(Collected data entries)
■ ■ ■
(* Let $g_1, g_2\in G(\Gamma)$ be strongly non-split. Then there exists a linear order on $V(\Gamma)$ together with vertices $v_1\in\operatorname{supp}(g_1)$ and $v_2\in\operatorname{supp}(g_2)$ such that both the $v_1$-conical conjugate of $g_1$ and the $v_2$-conical conjugate of $g_2$ are strongly non-split and SD-conical.
   Context: $\Gamma$ is a finite simple graph and $G(\Gamma)=\langle v\in V(\Gamma)\mid [v_i,v_j]=1 \text{ if } \{v_i,v_j\}\notin E(\Gamma)\rangle$, i.e. the right-angled Artin group on the complement graph $\Gamma^c$ (generators joined by an edge of $\Gamma$ do not commute). $|g|$ is word length and $\operatorname{supp}(g)$ is the set of generators appearing in a reduced word for $g$. A decomposition $g=g_1\cdots g_k$ is geodesic if $|g|=|g_1|+\cdots+|g_k|$. $g$ is cyclically reduced if it has minimal word length in its conjugacy class. $g$ is non-split if $\operatorname{supp}(g)$ spans a connected subgraph of $\Gamma$; it is strongly non-split if it is non-split and no generator $v$ disjointly commutes with $g$ (i.e. there is no $v\notin\operatorname{supp}(g)$ commuting with every generator in $\operatorname{supp}(g)$). $S(g)$ is the set of generators $v$ such that $g=v^{\pm1}h$ is geodesic for some $h$; $g$ is $v_0$-conical if $S(g)=\{v_0\}$, and then $v_0=\operatorname{apex}(g)$. Given a linear order on $V(\Gamma)$, a conical element $g$ is SD-conical if $\operatorname{apex}(g)$ does not commute with any generator smaller than it (i.e. $v<\operatorname{apex}(g)$ implies $\{v,\operatorname{apex}(g)\}\in E(\Gamma)$). For a non-split, cyclically reduced $g$ and $v_0\in\operatorname{supp}(g)$, the $v_0$-conical conjugate of $g$ is defined as follows: for a non-split $h$ and $v\in\operatorname{supp}(h)$ there is a unique geodesic decomposition $h=tp$ with $p$ $v$-conical and $v\notin\operatorname{supp}(t)$; starting from $g_0=g$, write $g_i=t_ip_i$ in this way (with $v=v_0$) and set $g_{i+1}=p_it_i$; for the smallest $k$ with $g_k$ $v_0$-conical (such $k\le|V(\Gamma)|-1$ exists), the $v_0$-conical conjugate is $g_k$. It is a conjugate of $g$ obtained by iterated cyclic conjugations, has the same support as $g$, and is again non-split and cyclically reduced. (In the lemma the $g_i$ are implicitly taken cyclically reduced so that conical conjugates are defined.) *)

(* Right-angled Artin group G(Gamma) on the complement graph:
   vertices = a finType T, edges of Gamma = a rel e on T (hypotheses: symmetric,
   irreflexive).  Group elements are represented by words; equality in the group
   is the equivalence [weq] generated by the defining relations. *)
From mathcomp Require Import all_boot.
From Stdlib Require Import Relations.Relation_Operators.
End Example.

Theorem corollary3p2 :
  (forall (T : finType) (e : rel T) (t : nat) (tr : 'I_t -> {set T}),
      symmetric e -> irreflexive e -> connected_graph e ->
      disjoint_triangles e tr ->
      rc (line_adj e) <= n2 e - t)
  /\
  (forall t : nat, 0 < t ->
      exists (T : finType) (e : rel T) (tr : 'I_t -> {set T}),
        [/\ symmetric e, irreflexive e, connected_graph e,
            disjoint_triangles e tr &
            rc (line_adj e) = n2 e - t]).
Proof.
have upper T e t (tr : 'I_t -> {set T}) : symmetric e -> irreflexive e ->
    connected_graph e -> disjoint_triangles e tr -> rc (line_adj e) <= n2 e - t.
  move=> e_sym e_irr conn tr_disj; apply: leq_trans (card_palette tr_disj).
  exact/rc_leq/(rc_with_palette e_sym e_irr tr_disj conn).
split=> [|t _]; first exact: upper.
have sym := @ex_adj_sym t; have irr := @ex_adj_irr t.
have conn := @ex_adj_connected t; have tri := @ex_triangles t.
exists _, (@ex_adj t), (@ex_tr t); split=> //.
apply/eqP; rewrite eqn_leq (upper _ _ _ _ sym irr conn tri) ex_n2 (_ : 3 * t - t = 2 * t); last lia.
apply: (rc_geq _ (@ex_rc_with_ge t)).
by exists #|palette (@ex_adj t) (@ex_tr t)|; apply: rc_with_palette.
Qed.
(* There exist non-symmetric operads of sets $P$ and $P'$ such that $P$ and $P'$ are not isomorphic as operads, but the monads on $\mathbf{Set}$ induced by $P$ and by $P'$ are isomorphic (as monads).
   Context: A non-symmetric operad of sets $P$ consists of sets $P(n)$ for $n\in\mathbb{N}$, an identity element $1\in P(1)$, and composition maps $P(n)\times P(k_1)\times\cdots\times P(k_n)\to P(k_1+\cdots+k_n)$, $(\theta,\theta_1,\dots,\theta_n)\mapsto \theta\circ(\theta_1,\dots,\theta_n)$, satisfying the usual associativity and unit axioms. A map of operads $f:P\to P'$ is a family of functions $f_n:P(n)\to P'(n)$ preserving identity and composition. The monad $(S,\mu,\eta)$ on $\mathbf{Set}$ induced by $P$ is given by $SX=\sum_{n\in\mathbb{N}}P(n)\times X^n$; $\eta_X:X\to SX$ sends $x$ to $(1,x)$; and $\mu_X:S^2X\to SX$ sends $(\theta,(\theta_1,x_1^1,\dots,x_1^{k_1}),\dots,(\theta_n,x_n^1,\dots,x_n^{k_n}))$ to $(\theta\circ(\theta_1,\dots,\theta_n),x_1^1,\dots,x_1^{k_1},\dots,x_n^1,\dots,x_n^{k_n})$. An isomorphism of monads $(S,\mu,\eta)\to(S',\mu',\eta')$ is a natural isomorphism $\iota:S\to S'$ with $\iota\eta=\eta'$ and $\iota_X\circ\mu_X=\mu'_X\circ\iota_{S'X}\circ S\iota_X$ for all sets $X$. *)

From mathcomp Require Import all_boot.
Set Implicit Arguments.
Unset Strict Implicit.
Unset Printing Implicit Defensive.
Lemma card_vpairs_incident {n : nat} (w : 'I_n) :
  #|[set e in vpairs n | w \in e]| = n.-1.
Proof.
have -> : [set e in vpairs n | w \in e] = [set [set w; z] | z in [set~ w]].
  apply/setP => e; rewrite !inE; apply/andP/imsetP.
    case=> /cards2P [x [y [xy ->]]]; rewrite !inE => /orP [/eqP->|/eqP->].
      by exists y; rewrite ?inE // eq_sym.
    by exists x; rewrite ?inE // setUC.
  case=> z; rewrite !inE => zw ->; split; last by rewrite !inE eqxx.
  by rewrite cards2 (eq_sym w) zw.
rewrite card_in_imset ?cardsC1 ?card_ord // => z1 z2; rewrite !inE => z1w _ E.
have : z1 \in [set w; z2] by rewrite -E !inE eqxx orbT.
by rewrite !inE (negbTE z1w) => /eqP.
Qed.

Section Degrees.
Context {n : nat} {A : {set {set 'I_n}}} (hA : A \subset vpairs n) (w : 'I_n).
Let U := [set e in vpairs n | w \in e].

Lemma deg_incident : deg A w = #|U :&: A|.
Proof.
apply: eq_card => e; rewrite !inE; case eA: (e \in A); rewrite ?andbF ?andbT //.
by have := subsetP hA e eA; rewrite inE => ->.
Qed.

Lemma cdeg_incident : cdeg A w = #|U :\: A|.
Proof. by rewrite /cdeg deg_incident -(card_vpairs_incident w) -(cardsID A U) addKn. Qed.

Lemma deg_add_cdeg : (deg A w + cdeg A w)%N = n.-1.
Proof. by rewrite deg_incident cdeg_incident cardsID card_vpairs_incident. Qed.

Lemma sum_incident {R : pzSemiRingType} (f : bool -> R) :
  \sum_(e in vpairs n) (w \in e)%:R * f (e \in A) =
  (deg A w)%:R * f true + (cdeg A w)%:R * f false.
Proof.
have sum_const b (X : {set {set 'I_n}}) : {in X, forall e, (e \in A) = b} ->
    \sum_(e in X) f (e \in A) = #|X|%:R * f b.
  by move=> XA; rewrite (eq_bigr (fun=> f b)) ?sumr_const ?mulr_natl // => e /XA ->.
transitivity (\sum_(e in U) f (e \in A)).
  rewrite big_mkcond [RHS]big_mkcond; apply: eq_bigr => e _; rewrite /U inE.
  by case: (e \in vpairs n); case: (w \in e); rewrite /= ?mul1r ?mul0r.
rewrite (big_setID A) /= deg_incident cdeg_incident.
rewrite (sum_const true) ?(sum_const false) // => e; rewrite !inE.
  by case/andP=> /negbTE.
by case/andP.
Qed.

End Degrees.

Section ErdosRenyi.
Context {R : realType} {n : nat} {p11 p10 p01 p00 : R}.
Local Notation pr := (pab p11 p10 p01 p00).
Local Notation joint := (ER_joint p11 p10 p01 p00).

Lemma ER_joint_sum_prod {A : {set {set 'I_n}}} (hA : A \subset vpairs n)
    (h : {set 'I_n} -> bool -> R) :
  \sum_B joint A B * \prod_(e in vpairs n) h e (e \in B) =
  \prod_(e in vpairs n) (pr (e \in A) true * h e true + pr (e \in A) false * h e false).
Proof.
(* Outside [vpairs n] the factor is 1[e \notin B], which kills every B that is not a graph. *)
pose F e b := if e \in vpairs n then pr (e \in A) b * h e b else (~~ b)%:R.
transitivity (\sum_(B : {set {set 'I_n}}) \prod_e F e (e \in B)).
  apply: eq_bigr => B _; rewrite /ER_joint hA /=.
  have [BS | /subsetPn [e eB eS]] := boolP (B \subset vpairs n).
    rewrite -big_split big_mkcond /=; apply: eq_bigr => e _; rewrite /F.
    by case: ifPn => // eS; rewrite (contraNF (subsetP BS e)).
  by rewrite mul0r (bigD1 e) //= /F (negbTE eS) eB mul0r.
rewrite sum_subsets_prod [RHS]big_mkcond; apply: eq_bigr => e _; rewrite /F.
by case: (e \in vpairs n); rewrite /= ?add0r.
Qed.

Lemma deg_sum (B : {set {set 'I_n}}) (x : 'I_n) : B \subset vpairs n ->
  (deg B x)%:R = \sum_(e in vpairs n) (x \in e)%:R * (e \in B)%:R :> R.
Proof. by move=> hB; rewrite (sum_incident hB x (fun b => b%:R)) mulr1 mulr0 addr0. Qed.

Hypotheses (hp11 : 0 <= p11) (hp10 : 0 <= p10) (hp01 : 0 <= p01) (hp00 : 0 <= p00).

Lemma pab_ge0 (b c : bool) : 0 <= pr b c.
Proof. by rewrite /pab; case: b; case: c. Qed.

Lemma ER_joint_ge0 (A B : {set {set 'I_n}}) : 0 <= joint A B.
Proof. by rewrite /ER_joint; case: ifP => // _; apply: prodr_ge0 => e _; exact: pab_ge0. Qed.

Lemma ER_cond_prob_deg_diff_le_prod (A : {set {set 'I_n}}) (u v : 'I_n) (k l : R) :
  A \subset vpairs n -> 0 <= l ->
  ER_cond_prob p11 p10 p01 p00 A (fun B => (deg B u)%:R - (deg B v)%:R <= k)
  <= expR (l * k) * \prod_(e in vpairs n)
       ((pr (e \in A) true * expR (- l * ((u \in e)%:R - (v \in e)%:R)) + pr (e \in A) false)
        / (pr (e \in A) true + pr (e \in A) false)).
Proof.
move=> hA l_ge0.
pose c (e : {set 'I_n}) : R := (u \in e)%:R - (v \in e)%:R.
have total : \sum_B joint A B = \prod_(e in vpairs n) (pr (e \in A) true + pr (e \in A) false).
  transitivity (\sum_B joint A B * \prod_(e in vpairs n) 1).
    by under [RHS]eq_bigr do rewrite big1_eq mulr1.
  by rewrite (ER_joint_sum_prod hA (fun _ _ => 1)); under eq_bigr do rewrite !mulr1.
have mgf : \sum_B joint A B * \prod_(e in vpairs n) expR (- l * (c e * (e \in B)%:R))
    = \prod_(e in vpairs n) (pr (e \in A) true * expR (- l * c e) + pr (e \in A) false).
  rewrite (ER_joint_sum_prod hA (fun e b => expR (- l * (c e * b%:R)))).
  by apply: eq_bigr => e _; rewrite mulr1 !mulr0 expR0 mulr1.
rewrite /ER_cond_prob prodf_div -mgf -total mulrA; apply: ler_wpM2r.
  by rewrite invr_ge0 sumr_ge0 // => B _; exact: ER_joint_ge0.
rewrite mulr_sumr big_mkcond; apply: ler_sum => B _.
case: ifPn => D_le; last first.
  by rewrite mulr_ge0 ?expR_ge0 ?mulr_ge0 ?ER_joint_ge0 // prodr_ge0 // => e _; exact: expR_ge0.
have [hB | nhB] := boolP (B \subset vpairs n); last first.
  by rewrite /ER_joint hA (negbTE nhB) /= !mul0r mulr0.
rewrite -expR_sum -mulr_sumr.
have -> : \sum_(e in vpairs n) c e * (e \in B)%:R = (deg B u)%:R - (deg B v)%:R.
  by rewrite !deg_sum // -sumrB; apply: eq_bigr => e _; rewrite mulrBl.
rewrite mulrCA -expRD ler_peMr ?ER_joint_ge0 // (le_trans _ (expR_ge1Dx _)) // lerDl.
by rewrite mulNr -mulrBr mulr_ge0 // subr_ge0.
Qed.

Hypotheses (hp1 : 0 < p11 + p10) (hp0 : 0 < p01 + p00).
Let q1 := p10 / (p11 + p10).
Let q0 := p01 / (p01 + p00).

Lemma pab_mgf_le (b : bool) (x : R) :
  (pr b true * expR x + pr b false) / (pr b true + pr b false)
  <= expR (edge_lmgf_bound q1 q0 b x).
Proof.
case: b; rewrite /pab /edge_lmgf_bound.
  rewrite (_ : _ / _ = (1 - q1) * expR x + q1) ?expR_mix_flip_le //.
  by rewrite /q1; field; rewrite gt_eqF.
rewrite (_ : _ / _ = q0 * expR x + (1 - q0)) ?expR_mix_le //.
by rewrite /q0; field; rewrite gt_eqF.
Qed.

Lemma edge_lmgf_bound_split (b s t : bool) (l : R) :
  edge_lmgf_bound q1 q0 b (- l * (s%:R - t%:R))
  <= s%:R * edge_lmgf_bound q1 q0 b (- l) + t%:R * edge_lmgf_bound q1 q0 b l.
Proof.
have := @indicator_diff_le _ (fun c => edge_lmgf_bound q1 q0 b (- l * c)) s t.
rewrite /= mulr1 mulrN1 opprK; apply.
  by rewrite mulr0 /edge_lmgf_bound oppr0 expR0 subrr !mulr0 add0r; case: b.
rewrite /edge_lmgf_bound opprK.
have q1_ge0 : 0 <= q1 by rewrite divr_ge0 // ltW.
have q0_ge0 : 0 <= q0 by rewrite divr_ge0 // ltW.
have := expR_add_expRN_ge2 l.
by case: b; nra.
Qed.

Lemma ER_cond_prob_deg_diff_le (A : {set {set 'I_n}}) (u v : 'I_n) (k l : R) :
  A \subset vpairs n -> 0 <= l ->
  ER_cond_prob p11 p10 p01 p00 A (fun B => (deg B u)%:R - (deg B v)%:R <= k)
  <= expR (l * k
      + ((deg A u)%:R * edge_lmgf_bound q1 q0 true (- l)
         + (cdeg A u)%:R * edge_lmgf_bound q1 q0 false (- l))
      + ((deg A v)%:R * edge_lmgf_bound q1 q0 true l
         + (cdeg A v)%:R * edge_lmgf_bound q1 q0 false l)).
Proof.
move=> hA l_ge0; apply: le_trans (ER_cond_prob_deg_diff_le_prod A u v k l hA l_ge0) _.
rewrite -(sum_incident hA u (edge_lmgf_bound q1 q0 ^~ (- l))).
rewrite -(sum_incident hA v (edge_lmgf_bound q1 q0 ^~ l)) -addrA -big_split expRD.
rewrite ler_wpM2l ?expR_ge0 //= expR_sum; apply: ler_prod => e _.
rewrite divr_ge0 ?addr_ge0 ?mulr_ge0 ?expR_ge0 ?pab_ge0 //=.
by apply: le_trans (pab_mgf_le _ _) _; rewrite ler_expR edge_lmgf_bound_split.
Qed.

End ErdosRenyi.

Theorem lemma4p2 (R : realType) (n : nat) (p11 p10 p01 p00 : R)
  (hp11 : 0 <= p11) (hp10 : 0 <= p10) (hp01 : 0 <= p01) (hp00 : 0 <= p00)
  (hsum : p11 + p10 + p01 + p00 = 1)
  (hp1 : 0 < p11 + p10) (hp0 : 0 < p01 + p00)
  (heps : p01 / (p01 + p00) + p10 / (p11 + p10) < 1)
  (A : {set {set 'I_n}}) (hA : A \subset vpairs n)
  (u v : 'I_n) (huv : (deg A v < deg A u)%N)
  (k eta : R) (heta : 0 < eta) :
  let eps := p01 / (p01 + p00) + p10 / (p11 + p10) in
  let phi := (deg A u)%:R * (p10 / (p11 + p10))
             + (cdeg A v)%:R * (p01 / (p01 + p00)) in
  (deg A u)%:R - (deg A v)%:R >=
    (1 - eps)^-1 * (k + 4 * Num.max eta (Num.sqrt (phi * eta))) ->
  ER_cond_prob p11 p10 p01 p00 A
    (fun B => (deg B u)%:R - (deg B v)%:R <= k) <= expR (- eta).
Proof.
move=> eps phi margin.
set q1 := p10 / (p11 + p10); set q0 := p01 / (p01 + p00).
have q1_ge0 : 0 <= q1 by rewrite divr_ge0 // ltW.
have q0_ge0 : 0 <= q0 by rewrite divr_ge0 // ltW.
have phi_ge0 : 0 <= phi by rewrite addr_ge0 // mulr_ge0.
rewrite ler_pdivrMl ?subr_gt0 // -lerBrDl in margin.
have [l /andP[l_ge0 l_le] chernoff] := exists_chernoff_param phi_ge0 heta margin.
apply: le_trans (ER_cond_prob_deg_diff_le hp11 hp10 hp01 hp00 hp1 hp0 A u v k l hA l_ge0) _.
rewrite ler_expR /edge_lmgf_bound opprK -/q1 -/q0.
have deg_sum_eq : (deg A u)%:R + (cdeg A u)%:R = (deg A v)%:R + (cdeg A v)%:R :> R.
  by rewrite -!natrD !deg_add_cdeg.
have deg_le : (deg A v)%:R <= (deg A u)%:R :> R by rewrite ler_nat ltnW.
have := chernoff_exponent_le l_ge0 l_le q1_ge0 q0_ge0 (ler0n _ _) deg_le (ler0n _ _) deg_sum_eq.
move: chernoff; rewrite /eps /phi -/q1 -/q0; lra.
Qed.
■ ■ ■
EXERCISE GOAL ▸ A word-for-word copy of the lines above from the one with "edge_lmgf_bound q1 q0 b (- l * (s%:R" through the one with "rewrite -(sum_incident hA u", inclusive, is the only output wanted.

ANSWER SPACE ▸
  edge_lmgf_bound q1 q0 b (- l * (s%:R - t%:R))
  <= s%:R * edge_lmgf_bound q1 q0 b (- l) + t%:R * edge_lmgf_bound q1 q0 b l.
Proof.
have := @indicator_diff_le _ (fun c => edge_lmgf_bound q1 q0 b (- l * c)) s t.
rewrite /= mulr1 mulrN1 opprK; apply.
  by rewrite mulr0 /edge_lmgf_bound oppr0 expR0 subrr !mulr0 add0r; case: b.
rewrite /edge_lmgf_bound opprK.
have q1_ge0 : 0 <= q1 by rewrite divr_ge0 // ltW.
have q0_ge0 : 0 <= q0 by rewrite divr_ge0 // ltW.
have := expR_add_expRN_ge2 l.
by case: b; nra.
Qed.

Lemma ER_cond_prob_deg_diff_le (A : {set {set 'I_n}}) (u v : 'I_n) (k l : R) :
  A \subset vpairs n -> 0 <= l ->
  ER_cond_prob p11 p10 p01 p00 A (fun B => (deg B u)%:R - (deg B v)%:R <= k)
  <= expR (l * k
      + ((deg A u)%:R * edge_lmgf_bound q1 q0 true (- l)
         + (cdeg A u)%:R * edge_lmgf_bound q1 q0 false (- l))
      + ((deg A v)%:R * edge_lmgf_bound q1 q0 true l
         + (cdeg A v)%:R * edge_lmgf_bound q1 q0 false l)).
Proof.
move=> hA l_ge0; apply: le_trans (ER_cond_prob_deg_diff_le_prod A u v k l hA l_ge0) _.
rewrite -(sum_incident hA u (edge_lmgf_bound q1 q0 ^~ (- l))).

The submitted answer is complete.